For Herr’s daughters Natalia Rachel Singer and Mira Bartok, the event served as both a tribute to their mother’s memory and a celebration of her life.
“Our mother was a loving, gifted human being, a brilliant musician, lover of the arts, a believer in human rights, social justice and she was also afflicted with a terrible illness that robbed her the ability to pursue her dreams,” said Bartok.
Singer said the shelter’s staff reconnected her family and every day a group of women came to visit Herr while she was in a hospice facility. The daughters got to meet the women who found refuge at the shelter and were now part their mother’s new family.

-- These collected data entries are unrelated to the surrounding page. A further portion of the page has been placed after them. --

(* Let $w'\in\mathcal{W}^e_n$ and let $(O',E')\to(O,E)$ be one application of the step $(\omega)$ during the computation of $\Omega(w')$. Then $(O',E')$ is obtained from $(O,E)$ by applying one step $(\psi)$.
   Context: Fix a finite totally ordered alphabet $A$. Words are finite sequences over $A$; $-$ is the empty word. $<$ is lexicographic order (a proper prefix is smaller than the word); $\infty$ is a formal symbol with $w<\infty$ for all words $w$. A Lyndon word is a nonempty word strictly smaller than each of its proper nonempty suffixes. Every word has a unique Lyndon factorization $w=\ell_1\cdots\ell_m$ into Lyndon words with $\ell_1\ge\dots\ge\ell_m$, written $\ell_1|\cdots|\ell_m$. Odd/even refer to lengths. For a Lyndon word $\ell$ with $|\ell|\ge2$, its standard factorization is $\ell=rs$ with $s$ the longest proper suffix of $\ell$ that is Lyndon (equivalently the smallest proper nonempty suffix). $\mathcal{W}^e_n$: words of length $n$ whose Lyndon factors are all even except possibly one factor of length one. Iterated standard factorization (ISF) of a Lyndon word $\ell$, $|\ell|\ge2$, with respect to $u$ (a word or $\infty$): the unique factorization $\ell=r_js_js_{j-1}\cdots s_1$, $j\ge1$, such that (a) for every $i\in[j]$, $s_i$ is the smallest proper nonempty suffix of $r_js_j\cdots s_i$; (b) for $i\in[j-1]$, $s_i$ is even and $s_i<u$; (c) $s_j$ is odd or $u\le s_j$. Computation of $\Omega(w')$ for $w'\in\mathcal{W}^e_n$: start with $(O',E')=(-,w')$; if $n$ is odd, remove the unique length-one Lyndon factor from $E'$ and set $O'$ equal to that letter. While $E'$ is nonempty, apply step $(\omega)$: let $O'=o'_1|\cdots|o'_h$ and $E'=e'_1|\cdots|e'_k$ (with $o'_h=\infty$ if $O'$ is empty). If $o'_h<e'_1$, update to (S') $(O'e'_1,\ e'_2\cdots e'_k)$. Otherwise let $e'_1=r_js_js_{j-1}\cdots s_1$ be the ISF of $e'_1$ with respect to $o'_h$ and update to (P') $(o'_1\cdots o'_{h-1}r_js_jo'_h,\ s_{j-1}\cdots s_1e'_2\cdots e'_k)$ if $o'_h\le s_j$, or to (F') $(O's_jr_j,\ s_{j-1}\cdots s_1e'_2\cdots e'_k)$ if $s_j<o'_h$. When $E'$ is empty, $\Omega(w')=O'$. Step $(\psi)$ on a pair of words $(O,E)$ with $|O|\ge2$: let $O=o_1|\cdots|o_m$ (with $o_{m-1}=\infty$ if $m=1$); $o_m$ is splittable if $|o_m|\ge2$ and its standard factorization $o_m=rs$ satisfies $s<o_{m-1}$. Update to: (S) $(o_1\cdots o_{m-1}r,\ sE)$ if splittable and $r$ odd; (P) $(o_1\cdots o_{m-1}s,\ rE)$ if splittable and $r$ even; (F) $(o_1\cdots o_{m-2},\ o_mo_{m-1}E)$ if not splittable. *)

From mathcomp Require Import all_boot all_order.
Set Implicit Arguments. Unset Strict Implicit. Unset Printing Implicit Defensive.
Import Order.TTheory.

Section Words.
Variables (d : Order.disp_t) (A : finOrderType d).

Definition word := seq A.

Fixpoint lexlt (u v : word) : bool :=
  match u, v with
  | [::], [::] => false
  | [::], _ :: _ => true
  | _ :: _, [::] => false
  | a :: u', b :: v' => (a < b)%O || ((a == b) && lexlt u' v')
  end.

Definition lexle (u v : word) : bool := (u == v) || lexlt u v.

(* words-or-infinity: None stands for the formal symbol oo (w < oo for all w) *)
Definition wordinf := option word.

Definition lt_wi (w : word) (u : wordinf) : bool :=
  if u is Some v then lexlt w v else true.
Definition wi_lt (u : wordinf) (w : word) : bool :=
  if u is Some v then lexlt v w else false.
Definition wi_le (u : wordinf) (w : word) : bool :=
  if u is Some v then lexle v w else false.

Definition psufs (w : word) : seq word := [seq drop i w | i <- iota 1 (size w).-1].

Definition lyndon (w : word) : bool := (w != [::]) && all (lexlt w) (psufs w).

Definition lfact (w : word) (ls : seq word) : bool :=
  all lyndon ls && sorted (fun x y => lexle y x) ls && (flatten ls == w).

Definition std_fact (l r s : word) : bool :=
  [&& lyndon l, 1 < size l, l == r ++ s, s \in psufs l, lyndon s &
      all (fun t => lyndon t ==> (size t <= size s)) (psufs l)].

Definition smallest_psuf (w s : word) : bool := (s \in psufs w) && all (lexle s) (psufs w).

(* ISF of l w.r.t. u : l = r s_j s_{j-1} ... s_1, with ss = [:: s_j; ...; s_1] *)
Definition isf (l : word) (u : wordinf) (r : word) (ss : seq word) : bool :=
  [&& lyndon l, 1 < size l, 0 < size ss, l == r ++ flatten ss,
      (* (a) s_i smallest proper nonempty suffix of r s_j ... s_i *)
      all (fun k => smallest_psuf (r ++ flatten (take k ss)) (nth [::] ss k.-1))
          (iota 1 (size ss)),
      all (fun s => ~~ odd (size s) && lt_wi s u) (behead ss) &
      odd (size (head [::] ss)) || wi_le u (head [::] ss)].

“There were women here who loved and revered my mother and called her ‘mother’ even when my sister and I could not… Every woman had a devastating story to tell -- stories of abuse, addiction, poverty. But everyone had hope in their eyes and had stories of survival and joy, funny stories. They laughed and cried,” said Singer.
During the 17 years they were estranged from their mother, Singer and Bartok both became accomplished writers. Bartok wrote about her relationship with her mother and their reunion in a memoir called The Memory Palace which will be released in January 2011. She hopes the book will help raise public awareness about mental illness and homelessness.

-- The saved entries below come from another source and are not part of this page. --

Lemma coef_add x y : coef B b (x + y) = coef B b x + coef B b y.
Proof.
  destruct (proj1 HB x) as [c Hc], (proj1 HB y) as [c' Hc'].
  rewrite (coef_of_represents _ _ Hc), (coef_of_represents _ _ Hc'), <- Q2R_plus.
  exact (coef_of_represents _ _ (represents_add _ _ _ _ _ Hc Hc')).
Qed.

Lemma coef_sub x y : coef B b (x - y) = coef B b x - coef B b y.
Proof. pose proof (coef_add (x - y) y) as H. replace (x - y + y) with x in H by ring. lra. Qed.

Lemma coef_lsum xs : coef B b (lsum xs (fun x => x)) = lsum xs (coef B b).
Proof.
  induction xs as [| x xs IH]; simpl.
  - pose proof (coef_add 0 0) as H. rewrite Rplus_0_l in H. lra.
  - rewrite coef_add, <- IH. reflexivity.
Qed.

Hypothesis Hb : B b.

Lemma coef_basis_multiple q : coef B b (Q2R q * b) = Q2R q.
Proof.
  set (c := fun r => if Req_dec_T r b then q else 0%Q).
  assert (Hcb : c b = q) by (unfold c; destruct (Req_dec_T b b); congruence).
  rewrite (coef_of_represents c), Hcb; auto.
  exists (b :: nil). split; [| split; [| split]].
  - repeat constructor; simpl; tauto.
  - intros r [<- | []]; auto.
  - intros r Hr. unfold c. destruct (Req_dec_T r b) as [-> | _]; [simpl in Hr; tauto | reflexivity].
  - simpl. rewrite Hcb. ring.
Qed.

End HamelCoefficient.

Lemma Q2R_int_frac q : exists m a (s : positive),
  Q2R q = IZR m + IZR a / IZR (Zpos s) /\ (0 <= a < Zpos s)%Z.
Proof.
  destruct q as [n s]. exists (n / Zpos s)%Z, (n mod Zpos s)%Z, s. split.
  - unfold Q2R; simpl. rewrite (Z.div_mod n (Zpos s)) at 1 by lia.
    rewrite plus_IZR, mult_IZR. field. apply not_0_IZR; lia.
  - apply Z.mod_pos_bound; lia.
Qed.

Lemma IZR_div_bounds a s : (0 < a < s)%Z -> 0 < IZR a / IZR s < 1.
Proof.
  intros H. assert (0 < IZR a) by (apply IZR_lt; lia).
  assert (IZR a < IZR s) by (apply IZR_lt; lia).
  split; [apply Rdiv_lt_0_compat; lra |].
  apply (Rmult_lt_reg_r (IZR s)); [lra |]. unfold Rdiv. rewrite Rmult_assoc, Rinv_l; lra.
Qed.

Section PiHalf.

Variable B : R -> Prop.
Local Notation lam := (coef B (/2)).

Lemma pi_half_odd x k : lam x = IZR (2 * k + 1) -> pi_half B x = 1.
Proof.
  intros H. unfold pi_half. destruct (excluded_middle_informative _) as [_ | Hno]; auto.
  exfalso; apply Hno. exists k. apply eqR_Qeq. rewrite Q2R_inject_Z. exact H.
Qed.

Lemma pi_half_frac x m r : lam x = IZR m + r -> 0 <= r < 1 ->
  (forall k, lam x <> IZR (2 * k + 1)) -> pi_half B x = r.
Proof.
  intros H Hr Hno. unfold pi_half, coef in *.
  set (q := hamel_coef B (/2) x) in *.
  destruct (excluded_middle_informative _) as [[k Hk] | _].
  - exfalso; apply (Hno k). rewrite (Qeq_eqR _ _ Hk), Q2R_inject_Z; auto.
  - assert (Hfl : Qfloor q = m).
    { pose proof (Qle_Rle _ _ (Qfloor_le q)) as Hle.
      pose proof (Qlt_Rlt _ _ (Qlt_floor q)) as Hlt.
      rewrite Q2R_inject_Z in Hle, Hlt. rewrite plus_IZR in Hlt.
      assert (IZR (Qfloor q) < IZR (m + 1)) by (rewrite plus_IZR; lra).
      assert (IZR m < IZR (Qfloor q + 1)) by (rewrite plus_IZR; lra).
      apply lt_IZR in H0. apply lt_IZR in H1. lia. }
    rewrite Q2R_minus, Q2R_inject_Z, Hfl. lra.
Qed.

Lemma pi_half_even x k : lam x = IZR (2 * k) -> pi_half B x = 0.
Proof.
  intros H. apply (pi_half_frac x (2 * k)); [lra | lra |].
  intros k' Hk'. rewrite H in Hk'. apply eq_IZR in Hk'. lia.
Qed.
(* Let $k>v_1$ and let $\varphi=(x(t),y(t))$ be the $k$-jet of an element of $\Sigma_\Gamma$. For $b\ne0$, the vector $(0,bt^k)$ belongs to $T_1$ (resp. $\widetilde T$) if and only if $k+v_0\in\Lambda^2_\varphi$ (resp. $k+v_0\in\Lambda'_\varphi$).
   Context: $\mathcal O_1=\mathbb C\{t\}$, $\mathcal O_2=\mathbb C\{X,Y\}$, with maximal ideals $\mathcal M_1,\mathcal M_2$; $\varphi^*(h)=h(x(t),y(t))$; $j^k$ denotes truncation modulo $t^{k+1}$, componentwise. $\Gamma$ is the semigroup of values of a plane branch with minimal generators $v_0<v_1<\cdots<v_g$ and conductor $c$; $\Sigma_\Gamma$ is the set of Puiseux parametrizations $(t^{v_0},t^{v_1}+\sum_{v_1<i<c}a_it^i)$ (primitive, $v_0\nmid v_1$) whose semigroup of values equals $\Gamma$. $T_1=\{j^k(x'\epsilon+\varphi^*(g),\ y'\epsilon+\varphi^*(h)):\epsilon\in\mathcal M_1^2,\ g,h\in\mathcal M_2^2\}$ and $\widetilde T$ is defined the same way but with $g\in\langle X^2,Y\rangle$, $h\in\mathcal M_2^2$ (tangent spaces to the $\mathcal A_1^k$- and $\widetilde{\mathcal A}^k$-orbits). For $\omega=h\,dX+g\,dY$ put $v_\varphi(\omega)=\mathrm{ord}_t(\varphi^*(h)x'(t)+\varphi^*(g)y'(t))+1$; $\Lambda^2_\varphi=\{v_\varphi(h\,dX+g\,dY): g,h\in\mathcal M_2^2\}$ and $\Lambda'_\varphi=\{v_\varphi(h\,dX+g\,dY): g\in\langle X^2,Y\rangle,\ h\in\mathcal M_2^2\}$ (only forms with nonzero pull-back considered). *)

From HB Require Import structures.
From mathcomp Require Import all_boot all_order all_algebra.
Set Implicit Arguments. Unset Strict Implicit. Unset Printing Implicit Defensive.
Import Order.TTheory GRing.Theory Num.Theory.
Local Open Scope ring_scope.

Section Defs.
Variable C : numClosedFieldType.

Definition ord (p : {poly C}) : nat := find (fun a => a != 0) (polyseq p).

Definition jet (k : nat) (p : {poly C}) : {poly C} := \poly_(i < k.+1) p`_i.

(* Bivariate polynomials h(X,Y) : {poly {poly C}}; outer variable is Y,
   inner variable is X. *)
Definition varX : {poly {poly C}} := ('X)%:P.
Definition varY : {poly {poly C}} := 'X.

Definition pullback (h : {poly {poly C}}) (x y : {poly C}) : {poly C} :=
  (map_poly (fun q : {poly C} => q \Po x) h).[y].

Definition inM2sq (h : {poly {poly C}}) : Prop :=
  exists a b c, h = varX ^+ 2 * a + varX * varY * b + varY ^+ 2 * c.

Bartok said many people believe they are immune to homelessness. When people see a homeless woman on the street, she wants people to stop and think, “She could be my mother too, and in this current economy she could be me. Until everyone understands that, we will continue to be plagued with homelessness in this country,” Bartok added.
The women moved back into the renovated center on November 16 and had their own celebration. Members of the Browns Women’s Organization served a traditional Thanksgiving-style meal to more than 100 women and gave each woman a gift bag with toiletry items.